Джослин намеревалась вывести нас на солнечную орбиту как раз напротив Новой Финляндии, двигаясь с той же скоростью, чтобы мы оставались под прикрытием солнца, на расстоянии ста восьмидесяти градусов от планеты, но на той же орбите.
Но прежде чем нам понадобился такой маневр, прошла целая неделя. О том, как мы провели это время, я умолчу — скажу только, что мы были счастливы, как никогда, и отсрочка нас полностью устраивала.
Наконец пришло время вывести «Джослин-Мари» на нужную орбиту. Но перед этим мы подготовили к запуску шлюпку. Я должен был вывести одно из двух баллистических суденышек, «Полосы», на заранее вычисленную траекторию. В грузовой отсек «Полос» мы закатили коляску, сооруженную из торпеды, замаскировали ее отражающим и защищающим от нагревания материалом и погрузили мои вещи на борт «Полос».
Времени оставалось в обрез. Я торопился. Стоит мне опоздать, и пятитысячное войско навсегда останется в пузыре, вращающемся в безвременье. Ни одному приемнику не обнаружить и не вернуть этот пузырь на планету. Если считать, что в условиях С2 нет ничего, то и тем, кто окажется там навсегда, нечего надеяться на спасение в смерти. Стоит мне хоть немного опоздать, и эта солнечная система погибнет, и ее участь, возможно, разделит множество других.
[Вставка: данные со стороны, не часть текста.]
(* Let $\Gamma\colon\mathbb{R}^d\to\mathbb{R}$ be differentiable with uniformly Lipschitz gradient, let $\varepsilon>0$, and define $\mathcal Y^{\mathrm n}(\theta,\xi)=\frac{1}{\epsilon(\theta)}\Gamma(\theta+\epsilon(\theta)\xi)$ for $\theta\in\mathbb{R}^d$, $\xi\in\mathbb{R}^m$ (here $m=d$). Suppose either (i) $\epsilon(\theta)=\varepsilon\sqrt{1+\|\theta-\theta^{\mathrm{ctr}}\|^2/\sigma_p^2}$ for fixed $\theta^{\mathrm{ctr}}\in\mathbb{R}^d$, $\sigma_p>0$; or (ii) $\epsilon(\theta)=\varepsilon\sqrt{1+\Gamma(\theta)-\Gamma^-}$, where $\Gamma^-$ is a constant with $\Gamma(\theta)\ge\Gamma^-$ for all $\theta$, and there is $\delta>0$ such that $\|\nabla\Gamma(\theta)\|\ge\delta\|\theta\|$ whenever $\|\theta\|\ge\delta^{-1}$. Then for every bounded set $S\subset\mathbb{R}^m$ there is $L<\infty$ such that $|\mathcal Y^{\mathrm n}(\theta',\xi)-\mathcal Y^{\mathrm n}(\theta,\xi)|\le L\|\theta'-\theta\|$ for all $\theta,\theta'\in\mathbb{R}^d$ and all $\xi\in S$.
   Context: The function $\mathcal Y^{\mathrm n}$ is the normalized observation used in quasi-stochastic gradient descent / extremum seeking control with state-dependent probing gain $\epsilon(\theta)$; the probing signal $\xi$ takes values in a bounded set. *)

From HB Require Import structures.
From mathcomp Require Import all_boot all_order all_algebra.
From mathcomp Require Import all_classical all_reals all_analysis.
Set Implicit Arguments. Unset Strict Implicit. Unset Printing Implicit Defensive.
Import Order.TTheory GRing.Theory Num.Theory.
Import numFieldNormedType.Exports.
Local Open Scope ring_scope.

Definition dotv {R : realType} {d : nat} (u v : 'rV[R]_d) : R :=
  \sum_(i < d) u 0 i * v 0 i.
Definition enorm {R : realType} {d : nat} (v : 'rV[R]_d) : R :=
  Num.sqrt (dotv v v).

Definition gradient {R : realType} {d : nat} (G : 'rV[R]_d -> R)
  (th : 'rV[R]_d) : 'rV[R]_d :=
  \row_(i < d) ('d G th) (delta_mx 0 i).

Definition Yn {R : realType} {d : nat} (G : 'rV[R]_d -> R) (eps : 'rV[R]_d -> R)
  (th xi : 'rV[R]_d) : R :=
  (eps th)^-1 * G (th + eps th *: xi).

Definition eps_i {R : realType} {d : nat} (veps : R) (thctr : 'rV[R]_d) (sigp : R)
  (th : 'rV[R]_d) : R :=
  veps * Num.sqrt (1 + enorm (th - thctr) ^+ 2 / sigp ^+ 2).

Definition eps_ii {R : realType} {d : nat} (veps : R) (G : 'rV[R]_d -> R) (Gminus : R)
  (th : 'rV[R]_d) : R :=
  veps * Num.sqrt (1 + G th - Gminus).

From HB Require Import structures.
From mathcomp Require Import all_boot all_order all_algebra.
From mathcomp Require Import all_classical all_reals all_analysis.
From mathcomp Require Import ring lra.
Import Order.TTheory GRing.Theory Num.Theory.
Import numFieldNormedType.Exports.
Local Open Scope ring_scope.

(* Put y = th + eps(th) xi.  Both probing gains are Lipschitz and grow at least
   linearly, c (1 + |th|) <= eps(th).  For gain (ii) this comes from the descent
   lemma: |grad G|^2 <= 4K (G - Gminus), which also makes sqrt (1 + G - Gminus)
   (sqrt K)-Lipschitz.  A Lipschitz gradient makes G grow at most quadratically and
   Lipschitz with constant O(1 + |y|) on balls.  In
     Yn(th') - Yn(th) = (G y' - G y) / eps(th') + G y (eps th - eps th') / (eps th eps th'),
   assuming |th| <= |th'|, the linear growth of eps absorbs both growth rates. *)

Section EuclideanNorm.
Context {R : realType} {d : nat}.
Implicit Types (u v w : 'rV[R]_d).

Lemma dotvC u v : dotv u v = dotv v u.
Proof. by apply: eq_bigr => i _; rewrite mulrC. Qed.

Lemma dotvDl u v w : dotv (u + v) w = dotv u w + dotv v w.
Proof. by rewrite /dotv -big_split; apply: eq_bigr => i _; rewrite mxE mulrDl. Qed.

Lemma dotvZl a u w : dotv (a *: u) w = a * dotv u w.
Proof. by rewrite /dotv mulr_sumr; apply: eq_bigr => i _; rewrite mxE mulrA. Qed.

Lemma dotvNl u w : dotv (- u) w = - dotv u w.
Proof. by rewrite -scaleN1r dotvZl mulN1r. Qed.

Lemma dotvDr u v w : dotv w (u + v) = dotv w u + dotv w v.
Proof. by rewrite !(dotvC w) dotvDl. Qed.

Lemma dotvZr a u w : dotv w (a *: u) = a * dotv w u.
Proof. by rewrite !(dotvC w) dotvZl. Qed.

Lemma dotvNr u w : dotv w (- u) = - dotv w u.
Proof. by rewrite !(dotvC w) dotvNl. Qed.

Lemma dotvv_ge0 u : 0 <= dotv u u.
Proof. by apply: sumr_ge0 => i _; rewrite -expr2 sqr_ge0. Qed.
Терять время было непростительно.
В последний раз мы попрощались в шлюзе возле «Полос». Мы ввязались в войну. Вполне возможно, что видели друг друга в последний раз.
Крепко обнявшись, мы бормотали то, о чем неинтересно рассказывать посторонним. Мы были вместе до последней минуты — последней перед тем, как двигатели грозили заглохнуть и нам пришлось бы потерять топливо, жертвовать которым было никак нельзя.
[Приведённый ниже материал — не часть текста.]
Lemma C1D {f g : V -> R} : C1 U f -> C1 U g -> C1 U (fun y => f y + g y).
Proof.
move=> [df cf] [dg cg]; rewrite -[fun y => f y + g y]/(f + g).
split=> [x Ux|v x Ux]; first by apply: differentiableD; auto.
apply: (continuous_at_eq_in (G := fun y => 'd f y v + 'd g y v) Ux).
  by move=> y Uy; rewrite diffD; auto.
by apply: cvgD; [exact: cf | exact: cg].
Qed.

Lemma C1N {f : V -> R} : C1 U f -> C1 U (fun y => - f y).
Proof.
move=> [df cf]; rewrite -[fun y => - f y]/(- f).
split=> [x Ux|v x Ux]; first by apply: differentiableN; auto.
apply: (continuous_at_eq_in (G := fun y => - 'd f y v) Ux).
  by move=> y Uy; rewrite diffN; auto.
by apply: cvgN; exact: cf.
Qed.

Lemma C1M {f g : V -> R} : C1 U f -> C1 U g -> C1 U (fun y => f y * g y).
Proof.
move=> [df cf] [dg cg]; rewrite -[fun y => f y * g y]/(f * g).
split=> [x Ux|v x Ux]; first by apply: differentiableM; auto.
apply: (continuous_at_eq_in (G := fun y => f y * 'd g y v + g y * 'd f y v) Ux).
  by move=> y Uy; rewrite diffM; auto.
apply: cvgD; apply: cvgM; first exact: differentiable_continuous (df x Ux).
- exact: cg.
- exact: differentiable_continuous (dg x Ux).
- exact: cf.
Qed.

Lemma C1V {f : V -> R} : (forall x, U x -> f x != 0) -> C1 U f -> C1 U (fun y => (f y)^-1).
Proof.
move=> f_neq0 [df cf]; split=> [x Ux|v x Ux]; first by apply: differentiableV; auto.
apply: (continuous_at_eq_in (G := fun y => - (f y) ^- 2 * 'd f y v) Ux).
  by move=> y Uy; rewrite diffV; auto.
apply: cvgM; last exact: cf.
apply: cvgN; apply: cvgV; first by rewrite expf_neq0 ?f_neq0.
by rewrite expr2; apply: cvgM; exact: differentiable_continuous (df x Ux).
Qed.

Lemma C1_sum {I : Type} (r : seq I) (P : pred I) (F : I -> V -> R) :
  (forall i, C1 U (F i)) -> C1 U (fun y => \sum_(i <- r | P i) F i y).
Proof.
move=> C1F; elim: r => [|a r IH].
  by apply: (C1_eq_in _ (C1_cst 0)) => y _; rewrite big_nil.
case Pa: (P a); last by apply: (C1_eq_in _ IH) => y _; rewrite big_cons Pa.
by apply: (C1_eq_in _ (C1D (C1F a) IH)) => y _; rewrite big_cons Pa.
Qed.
Люки захлопнулись, я уселся перед пультом и запустил двигатели «Полос», сразу уводя шлюпку на безопасное расстояние. Двигатели «Джослин-Мари» тут же пробудились к жизни, и выхлоп из дюз унес мою жену вдаль.
Я надел крохотные пластиковые наушники и крепко прижал их к ушам — так, словно хотел вновь приблизить к себе Джослин.
— До свидания, малыш, — тихо произнес я.
— Удачной охоты тебе, Мак. Не забудь оставить пару этих ублюдков мне.
— Ублюдков? — переспросил я, невольно улыбаясь. — Чем же они тебе так насолили?
— Как это чем? Ведь тебя больше нет со мной рядом, верно?
Выбросы двигателей «Джослин-Мари» создавали плазменное облако, поток сверхгорячего газа, состоящий из отработанных частиц топлива. Он создавал помехи связи. Как только большой корабль замедлил ход, а я отклонился в сторону, плазма окончательно приглушила все сигналы рации. Нас словно отрезало друг от друга.
«Джослин-Мари» вышла на орбиту, в одиноком космосе ожидая вестей от меня — если, конечно, я выживу и сумею дать о себе знать.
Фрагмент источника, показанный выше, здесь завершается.